(* Let a domain $v$ be a triple $(\mu^{(v)}, f^{(v)}, g^{(v)})$ with $\mu^{(v)}$ a distribution on inputs $\bm{x}\in\mathbb{R}^d$, $f^{(v)}:\mathbb{R}^d\to\mathbb{R}^{d'}$ ($d'\le d$) a representation function and $g^{(v)}:\mathbb{R}^{d'}\to\mathcal{Y}$ a stochastic labeling function; write $h^{(v)}=g^{(v)}\circ f^{(v)}$. Let $u$ be the unseen domain and $s$ a seen domain. For a hypothesis $h=g\circ f$ with $f:\mathbb{R}^d\to\mathbb{R}^{d'}$, $g:\mathbb{R}^{d'}\to\mathcal{Y}$, define the risk $R^{(v)}(h):=\mathbb{E}_{\bm{x}\sim\mu^{(v)}}[\ell(h(\bm{x}),h^{(v)}(\bm{x}))]$. Assume (i) the loss $\ell(\cdot,\cdot)$ is non-negative, symmetric, bounded by a finite positive number $L$, and satisfies the triangle inequality; and (ii) the representation function $f$ is invertible when restricted to the (intrinsically low-dimensional) data manifold, i.e. on the support of the input distributions. Then for any such hypothesis $h=g\circ f$, \[ R^{(u)}(h)\le R^{(s)}(h)+L\,\|f_{\#}\mu^{(u)}-f_{\#}\mu^{(s)}\|_1+\sigma^{(u,s)}, \] where $f_{\#}\mu^{(v)}$ is the pushforward of $\mu^{(v)}$ under $f$ (the distribution of $f(\bm{x})$ with $\bm{x}\sim\mu^{(v)}$), $\|f_{\#}\mu^{(u)}-f_{\#}\mu^{(s)}\|_1=\int|f_{\#}\mu^{(u)}-f_{\#}\mu^{(s)}|\,d\bm{x}$ is the $L^1$ distance between the pushforwards, and \[ \sigma^{(u,s)}:=\min\Big\{\mathbb{E}_{\bm{x}\sim\mu^{(u)}}[\ell(h^{(u)}(\bm{x}),h^{(s)}(\bm{x}))],\ \mathbb{E}_{\bm{x}\sim\mu^{(s)}}[\ell(h^{(u)}(\bm{x}),h^{(s)}(\bm{x}))]\Big\}. \]
   Context: Domain generalization setting with one unseen domain $u$ and seen domains. $\sigma^{(u,s)}$ does not depend on the learned hypothesis $h$. The invertibility of $f$ is used to rewrite expectations over $\bm{x}$ as expectations over $\bm{z}=f(\bm{x})$ via $\bm{x}=f^{-1}(\bm{z})$. *)

From HB Require Import structures.
From mathcomp Require Import all_boot all_order all_algebra.
From mathcomp Require Import all_classical all_reals all_analysis.
Set Implicit Arguments. Unset Strict Implicit. Unset Printing Implicit Defensive.
Import Order.TTheory GRing.Theory Num.Theory.
Local Open Scope classical_set_scope.
Local Open Scope ring_scope.
Local Open Scope ereal_scope.

Definition risk d (X : measurableType d) (R : realType) dY (Y : measurableType dY)
  (mu : {measure set X -> \bar R}) (ell : Y -> Y -> R) (h hv : X -> Y) : \bar R :=
  \int[mu]_x (ell (h x) (hv x))%:E.

Definition l1_dist d (Z : measurableType d) (R : realType)
  (lam : {measure set Z -> \bar R}) (p q : Z -> R) : \bar R :=
  \int[lam]_z (`| p z - q z |)%:E.

Definition sigma_us d (X : measurableType d) (R : realType) dY (Y : measurableType dY)
  (mu_u mu_s : {measure set X -> \bar R}) (ell : Y -> Y -> R) (h_u h_s : X -> Y) : \bar R :=
  mine (risk mu_u ell h_u h_s) (risk mu_s ell h_u h_s).

(* Because f is injective on a set M carrying both input distributions, an
   integrand ell (g (f x)) (k x) equals ell (g z) (k (finv z)) at z = f x
   almost surely, so each risk of g \o f is an integral against the density
   of the pushforward of the input distribution by f.  As 0 <= ell <= L,
   trading the density p_u for p_s costs at most L * |p_u - p_s|_1.  The
   triangle inequality for ell then splits the unseen risk in two ways:
   through h_s under mu_u and then shifting, or shifting first and then
   through h_s under mu_s; the better of the two gives the minimum sigma. *)

From HB Require Import structures.
From mathcomp Require Import all_boot all_order all_algebra.
From mathcomp Require Import all_classical all_reals all_analysis.
From mathcomp Require Import measurable_realfun lra.
Set Implicit Arguments. Unset Strict Implicit. Unset Printing Implicit Defensive.
Import Order.TTheory GRing.Theory Num.Theory.
Local Open Scope classical_set_scope.
Local Open Scope ring_scope.
Import HBNNSimple.

Section density.
Context d (T : measurableType d) (R : realType).
Local Open Scope ereal_scope.
Variables (nu lam : {measure set T -> \bar R}) (p : T -> R).
Hypotheses (mp : measurable_fun setT p) (p_ge0 : forall x, (0 <= p x)%R).
Hypothesis nu_density :
  forall A, measurable A -> nu A = \int[lam]_(x in A) (p x)%:E.

Lemma integral_density_nnsfun (h : {nnsfun T >-> R}) :
  \int[nu]_x (h x)%:E = \int[lam]_x (h x * p x)%:E.
Proof.
have mhy y : measurable_fun [set: T] (fun x => y * \1_(h @^-1` [set y]) x)%R.
  by apply: measurable_funM => //; exact/measurable_indicP.
under eq_integral do rewrite fimfunE -fsumEFin//.
under [RHS]eq_integral do rewrite fimfunE mulr_fsuml -fsumEFin//.
rewrite !ge0_integral_fsum//.
- apply: eq_fsbigr => y; rewrite inE => -[x _ <-].
  rewrite integralZl_indic_nnsfun// integral_indic// setIT nu_density//.
  rewrite -ge0_integralZl_EFin//; last 2 first.
  + by move=> z _; rewrite lee_fin.
  + exact/measurable_funTS/measurable_EFinP.
  rewrite integral_mkcond; apply: eq_integral => z _.
  by rewrite patchE indicE; case: (z \in _); rewrite ?mulr1 ?mulr0 ?mul0r.
- by move=> y; apply/measurable_EFinP; exact: measurable_funM.
- move=> y z _; rewrite lee_fin -mulrA.
  have [y0|y0] := leP 0%R y; first by rewrite mulr_ge0// mulr_ge0.
  by rewrite preimage_nnfun0// indic0 mul0r mulr0.
- by move=> y; exact/measurable_EFinP.
- by move=> y z _; rewrite nnfun_muleindic_ge0.
Qed.

Lemma integral_density (phi : T -> R) :
  measurable_fun setT phi -> (forall x, (0 <= phi x)%R) ->
  \int[nu]_x (phi x)%:E = \int[lam]_x (phi x * p x)%:E.
Proof.
move=> mphi phi_ge0.
have mphiE : measurable_fun [set: T] (EFin \o phi) by exact/measurable_EFinP.
pose h := nnsfun_approx measurableT mphiE.
have h_cvg x : (EFin \o h^~ x) @ \oo --> (phi x)%:E.
  by apply: cvg_nnsfun_approx => // z _; rewrite lee_fin.
have h_nd x : {homo h^~ x : m n / (m <= n)%N >-> (m <= n)%R}.
  by move=> m n mn; exact/lefP/nd_nnsfun_approx.
have mhE k : measurable_fun [set: T] (EFin \o h k).
  exact/measurable_EFinP/measurable_funP.
have mhpE k : measurable_fun [set: T] (fun x => (h k x * p x)%:E).
  by apply/measurable_EFinP; apply: measurable_funM => //; exact: measurable_funP.
transitivity (limn (fun k => \int[nu]_x (h k x)%:E)).
  rewrite -monotone_convergence//.
  - by apply: eq_integral => x _; apply/esym/cvg_lim => //; exact: h_cvg.
  - by move=> k x _; rewrite lee_fin.
  - by move=> x _ m n mn; rewrite lee_fin h_nd.
under eq_fun do rewrite integral_density_nnsfun.
rewrite -monotone_convergence//.
- apply: eq_integral => x _; apply/cvg_lim => //.
  rewrite EFinM; under eq_fun do rewrite EFinM.
  exact: cvgeZr (h_cvg x).
- by move=> k x _; rewrite lee_fin mulr_ge0.
- by move=> x _ m n mn; rewrite lee_fin ler_wpM2r// h_nd.
Qed.

End density.

Section ae_eq_pushforward.
Context d1 d2 (X : measurableType d1) (Z : measurableType d2) (R : realType).
Local Open Scope ereal_scope.

Lemma ae_eq_integral_pushforward (mu : {measure set X -> \bar R})
    (f : X -> Z) (M : set X) (phi : X -> R) (psi : Z -> R) :
  measurable_fun setT f -> measurable M -> mu (~` M) = 0 ->
  measurable_fun setT phi -> measurable_fun setT psi ->
  (forall z, (0 <= psi z)%R) -> (forall x, M x -> phi x = psi (f x)) ->
  \int[mu]_x (phi x)%:E = \int[pushforward mu f]_z (psi z)%:E.
Proof.
move=> mf mM M_null mphi mpsi psi_ge0 phi_psi.
have mpsiE : measurable_fun [set: Z] (EFin \o psi) by exact/measurable_EFinP.
rewrite ge0_integral_pushforward//; last by move=> z _; rewrite lee_fin.
rewrite preimage_setT; apply: ae_eq_integral => //.
- exact/measurable_EFinP.
- exact: measurableT_comp mpsiE mf.
- exists (~` M); split => //; first exact: measurableC.
  by move=> x /= neq Mx; apply: neq => _; rewrite phi_psi.
Qed.

End ae_eq_pushforward.

Section density_shift.
Context d (Z : measurableType d) (R : realType).
Local Open Scope ereal_scope.

Lemma integral_density_shift (lam : {measure set Z -> \bar R})
    (p q phi : Z -> R) (L : R) :
  measurable_fun setT p -> measurable_fun setT q -> measurable_fun setT phi ->
  (forall z, 0 <= p z)%R -> (forall z, 0 <= q z)%R ->
  (forall z, 0 <= phi z <= L)%R -> (0 <= L)%R ->
  \int[lam]_z (phi z * p z)%:E <=
  \int[lam]_z (phi z * q z)%:E + L%:E * l1_dist lam p q.
Proof.
move=> mp mq mphi p_ge0 q_ge0 phi_bnd L_ge0.
have phi_ge0 z : (0 <= phi z)%R by have /andP[] := phi_bnd z.
have mphi_p : measurable_fun [set: Z] (fun z => (phi z * p z)%:E).
  by apply/measurable_EFinP; exact: measurable_funM.
have mphi_q : measurable_fun [set: Z] (fun z => (phi z * q z)%:E).
  by apply/measurable_EFinP; exact: measurable_funM.
have mdist : measurable_fun [set: Z] (fun z => (`|p z - q z|)%:E).
  apply/measurable_EFinP; apply: measurableT_comp => //.
  exact: measurable_funB.
rewrite /l1_dist -ge0_integralZl_EFin// -ge0_integralD//; last 3 first.
- by move=> z _; rewrite lee_fin mulr_ge0.
- by move=> z _; rewrite mule_ge0.
- exact: measurable_funeM.
apply: ge0_le_integral => //.
- by move=> z _; rewrite lee_fin mulr_ge0.
- exact: emeasurable_funD (measurable_funeM _ _).
(* phi p = phi q + phi (p - q) and phi (p - q) <= L |p - q| *)
move=> z _; rewrite -EFinM -EFinD lee_fin.
have := phi_bnd z; have := ler_norm (p z - q z)%R.
have := normr_ge0 (p z - q z)%R; nra.
Qed.

End density_shift.

Section loss.
Context dY (Y : measurableType dY) (R : realType) (ell : Y -> Y -> R).
Local Open Scope ereal_scope.
Hypothesis ell_meas : measurable_fun [set: Y * Y] (fun y => ell y.1 y.2).
Hypothesis ell_ge0 : forall a b, (0 <= ell a b)%R.

Lemma measurable_loss d (T : measurableType d) (a b : T -> Y) :
  measurable_fun setT a -> measurable_fun setT b ->
  measurable_fun setT (fun x => ell (a x) (b x)).
Proof.
by move=> ma mb; exact: measurableT_comp ell_meas (measurable_fun_pair ma mb).
Qed.

Lemma risk_triangle d (X : measurableType d) (mu : {measure set X -> \bar R})
    (h h1 h2 : X -> Y) :
  (forall a b, ell a b = ell b a) ->
  (forall a b c, (ell a c <= ell a b + ell b c)%R) ->
  measurable_fun setT h -> measurable_fun setT h1 -> measurable_fun setT h2 ->
  risk mu ell h h1 <= risk mu ell h h2 + risk mu ell h1 h2.
Proof.
move=> ell_sym ell_tri mh mh1 mh2.
have mloss (a b : X -> Y) : measurable_fun setT a -> measurable_fun setT b ->
    measurable_fun setT (fun x => (ell (a x) (b x))%:E).
  by move=> ma mb; apply/measurable_EFinP; exact: measurable_loss.
have m_hh1 := mloss _ _ mh mh1; have m_hh2 := mloss _ _ mh mh2.
have m_h1h2 := mloss _ _ mh1 mh2.
rewrite /risk -ge0_integralD//; last 2 first.
- by move=> x _; rewrite lee_fin.
- by move=> x _; rewrite lee_fin.
apply: ge0_le_integral => //.
- by move=> x _; rewrite lee_fin.
- exact: emeasurable_funD.
by move=> x _; rewrite lee_fin (ell_sym (h1 x)).
Qed.

Section invertible_representation.
Context dX dZ (X : measurableType dX) (Z : measurableType dZ).
Variables (f : X -> Z) (g : Z -> Y) (finv : Z -> X) (M : set X).
Variable lam : {measure set Z -> \bar R}.
Hypotheses (mf : measurable_fun setT f) (mg : measurable_fun setT g).
Hypotheses (mfinv : measurable_fun setT finv) (mM : measurable M).
Hypothesis finvK : forall x, M x -> finv (f x) = x.

Lemma risk_density (mu : {measure set X -> \bar R}) (p : Z -> R) (k : X -> Y) :
  measurable_fun setT p -> (forall z, (0 <= p z)%R) ->
  (forall A, measurable A ->
     pushforward mu f A = \int[lam]_(z in A) (p z)%:E) ->
  mu (~` M) = 0 -> measurable_fun setT k ->
  risk mu ell (g \o f) k = \int[lam]_z (ell (g z) (k (finv z)) * p z)%:E.
Proof.
move=> mp p_ge0 p_density M_null mk.
have mloss_inv : measurable_fun setT (fun z => ell (g z) (k (finv z))).
  by apply: measurable_loss => //; exact: measurableT_comp.
rewrite /risk (ae_eq_integral_pushforward mf mM M_null _ mloss_inv)//.
- exact: integral_density.
- by apply: measurable_loss => //; exact: measurableT_comp.
- by move=> x Mx /=; rewrite finvK.
Qed.

Lemma risk_le_shift (L : R) (mu_u mu_s : {measure set X -> \bar R})
    (p_u p_s : Z -> R) (k : X -> Y) :
  (forall a b, (ell a b <= L)%R) -> (0 <= L)%R ->
  measurable_fun setT p_u -> measurable_fun setT p_s ->
  (forall z, (0 <= p_u z)%R) -> (forall z, (0 <= p_s z)%R) ->
  (forall A, measurable A ->
     pushforward mu_u f A = \int[lam]_(z in A) (p_u z)%:E) ->
  (forall A, measurable A ->
     pushforward mu_s f A = \int[lam]_(z in A) (p_s z)%:E) ->
  mu_u (~` M) = 0 -> mu_s (~` M) = 0 -> measurable_fun setT k ->
  risk mu_u ell (g \o f) k <=
  risk mu_s ell (g \o f) k + L%:E * l1_dist lam p_u p_s.
Proof.
move=> ell_le L_ge0 mp_u mp_s p_u_ge0 p_s_ge0 p_u_density p_s_density
  M_u M_s mk.
rewrite (risk_density mp_u) // (risk_density mp_s) //.
apply: integral_density_shift => // [|z].
- by apply: measurable_loss => //; exact: measurableT_comp.
- by rewrite ell_ge0 ell_le.
Qed.

End invertible_representation.
End loss.

Theorem lemma1 (R : realType) (n n' : nat) (hn : (n' <= n)%N)
  (dY : measure_display) (Y : measurableType dY)
  (ell : Y -> Y -> R) (L : R)
  (ell_meas : measurable_fun [set: Y * Y] (fun p => ell p.1 p.2))
  (ell_ge0 : forall a b, 0 <= ell a b)
  (ell_sym : forall a b, ell a b = ell b a)
  (L_gt0 : 0 < L)
  (ell_le : forall a b, ell a b <= L)
  (ell_tri : forall a b c, ell a c <= ell a b + ell b c)
  (mu_u mu_s : probability (n.-tuple R) R)
  (f_u f_s : n.-tuple R -> n'.-tuple R) (g_u g_s : n'.-tuple R -> Y)
  (mf_u : measurable_fun [set: n.-tuple R] f_u)
  (mf_s : measurable_fun [set: n.-tuple R] f_s)
  (mg_u : measurable_fun [set: n'.-tuple R] g_u)
  (mg_s : measurable_fun [set: n'.-tuple R] g_s)
  (f : n.-tuple R -> n'.-tuple R) (g : n'.-tuple R -> Y)
  (mf : measurable_fun [set: n.-tuple R] f)
  (mg : measurable_fun [set: n'.-tuple R] g)
  (M : set (n.-tuple R)) (mM : measurable M)
  (M_u : mu_u (~` M) = 0%E) (M_s : mu_s (~` M) = 0%E)
  (finv : n'.-tuple R -> n.-tuple R)
  (mfinv : measurable_fun [set: n'.-tuple R] finv)
  (finvK : forall x, M x -> finv (f x) = x)
  (lam : {measure set (n'.-tuple R) -> \bar R})
  (p_u p_s : n'.-tuple R -> R)
  (mp_u : measurable_fun [set: n'.-tuple R] p_u)
  (mp_s : measurable_fun [set: n'.-tuple R] p_s)
  (p_u_ge0 : forall z, 0 <= p_u z) (p_s_ge0 : forall z, 0 <= p_s z)
  (p_u_dens : forall A, measurable A ->
     pushforward mu_u f A = (\int[lam]_(z in A) (p_u z)%:E)%E)
  (p_s_dens : forall A, measurable A ->
     pushforward mu_s f A = (\int[lam]_(z in A) (p_s z)%:E)%E) :
  (risk mu_u ell (g \o f) (g_u \o f_u)
   <= risk mu_s ell (g \o f) (g_s \o f_s)
      + L%:E * l1_dist lam p_u p_s
      + sigma_us mu_u mu_s ell (g_u \o f_u) (g_s \o f_s))%E.
Proof.
have mh_u : measurable_fun setT (g_u \o f_u) by exact: measurableT_comp.
have mh_s : measurable_fun setT (g_s \o f_s) by exact: measurableT_comp.
have shift k : measurable_fun setT k ->
    (risk mu_u ell (g \o f) k <=
     risk mu_s ell (g \o f) k + L%:E * l1_dist lam p_u p_s)%E.
  move=> mk; apply: (risk_le_shift ell_meas ell_ge0 mf mg mfinv mM finvK) => //.
  exact: ltW.
have triangle (mu : probability (n.-tuple R) R) :
    (risk mu ell (g \o f) (g_u \o f_u) <=
     risk mu ell (g \o f) (g_s \o f_s) + risk mu ell (g_u \o f_u) (g_s \o f_s))%E.
  by apply: risk_triangle => //; exact: measurableT_comp.
rewrite /sigma_us.
have [_|_] := leP (risk mu_u ell (g_u \o f_u) (g_s \o f_s))
                  (risk mu_s ell (g_u \o f_u) (g_s \o f_s)).
- exact: le_trans (triangle mu_u) (leeD2r _ (shift _ mh_s)).
- apply: le_trans (le_trans (shift _ mh_u) (leeD2r _ (triangle mu_s))) _.
  by rewrite (addeAC (risk mu_s ell (g \o f) (g_s \o f_s))).
Qed.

:: The task ::
Everything above from the line containing "exact: measurable_funB." down to the line containing "Section invertible_representation." should be copied exactly, both end lines included, and nothing else.

:: Reply to the task ::
  exact: measurable_funB.
rewrite /l1_dist -ge0_integralZl_EFin// -ge0_integralD//; last 3 first.
- by move=> z _; rewrite lee_fin mulr_ge0.
- by move=> z _; rewrite mule_ge0.
- exact: measurable_funeM.
apply: ge0_le_integral => //.
- by move=> z _; rewrite lee_fin mulr_ge0.
- exact: emeasurable_funD (measurable_funeM _ _).
(* phi p = phi q + phi (p - q) and phi (p - q) <= L |p - q| *)
move=> z _; rewrite -EFinM -EFinD lee_fin.
have := phi_bnd z; have := ler_norm (p z - q z)%R.
have := normr_ge0 (p z - q z)%R; nra.
Qed.

End density_shift.

Section loss.
Context dY (Y : measurableType dY) (R : realType) (ell : Y -> Y -> R).
Local Open Scope ereal_scope.
Hypothesis ell_meas : measurable_fun [set: Y * Y] (fun y => ell y.1 y.2).
Hypothesis ell_ge0 : forall a b, (0 <= ell a b)%R.

Lemma measurable_loss d (T : measurableType d) (a b : T -> Y) :
  measurable_fun setT a -> measurable_fun setT b ->
  measurable_fun setT (fun x => ell (a x) (b x)).
Proof.
by move=> ma mb; exact: measurableT_comp ell_meas (measurable_fun_pair ma mb).
Qed.

Lemma risk_triangle d (X : measurableType d) (mu : {measure set X -> \bar R})
    (h h1 h2 : X -> Y) :
  (forall a b, ell a b = ell b a) ->
  (forall a b c, (ell a c <= ell a b + ell b c)%R) ->
  measurable_fun setT h -> measurable_fun setT h1 -> measurable_fun setT h2 ->
  risk mu ell h h1 <= risk mu ell h h2 + risk mu ell h1 h2.
Proof.
move=> ell_sym ell_tri mh mh1 mh2.
have mloss (a b : X -> Y) : measurable_fun setT a -> measurable_fun setT b ->
    measurable_fun setT (fun x => (ell (a x) (b x))%:E).
  by move=> ma mb; apply/measurable_EFinP; exact: measurable_loss.
have m_hh1 := mloss _ _ mh mh1; have m_hh2 := mloss _ _ mh mh2.
have m_h1h2 := mloss _ _ mh1 mh2.
rewrite /risk -ge0_integralD//; last 2 first.
- by move=> x _; rewrite lee_fin.
- by move=> x _; rewrite lee_fin.
apply: ge0_le_integral => //.
- by move=> x _; rewrite lee_fin.
- exact: emeasurable_funD.
by move=> x _; rewrite lee_fin (ell_sym (h1 x)).
Qed.

Section invertible_representation.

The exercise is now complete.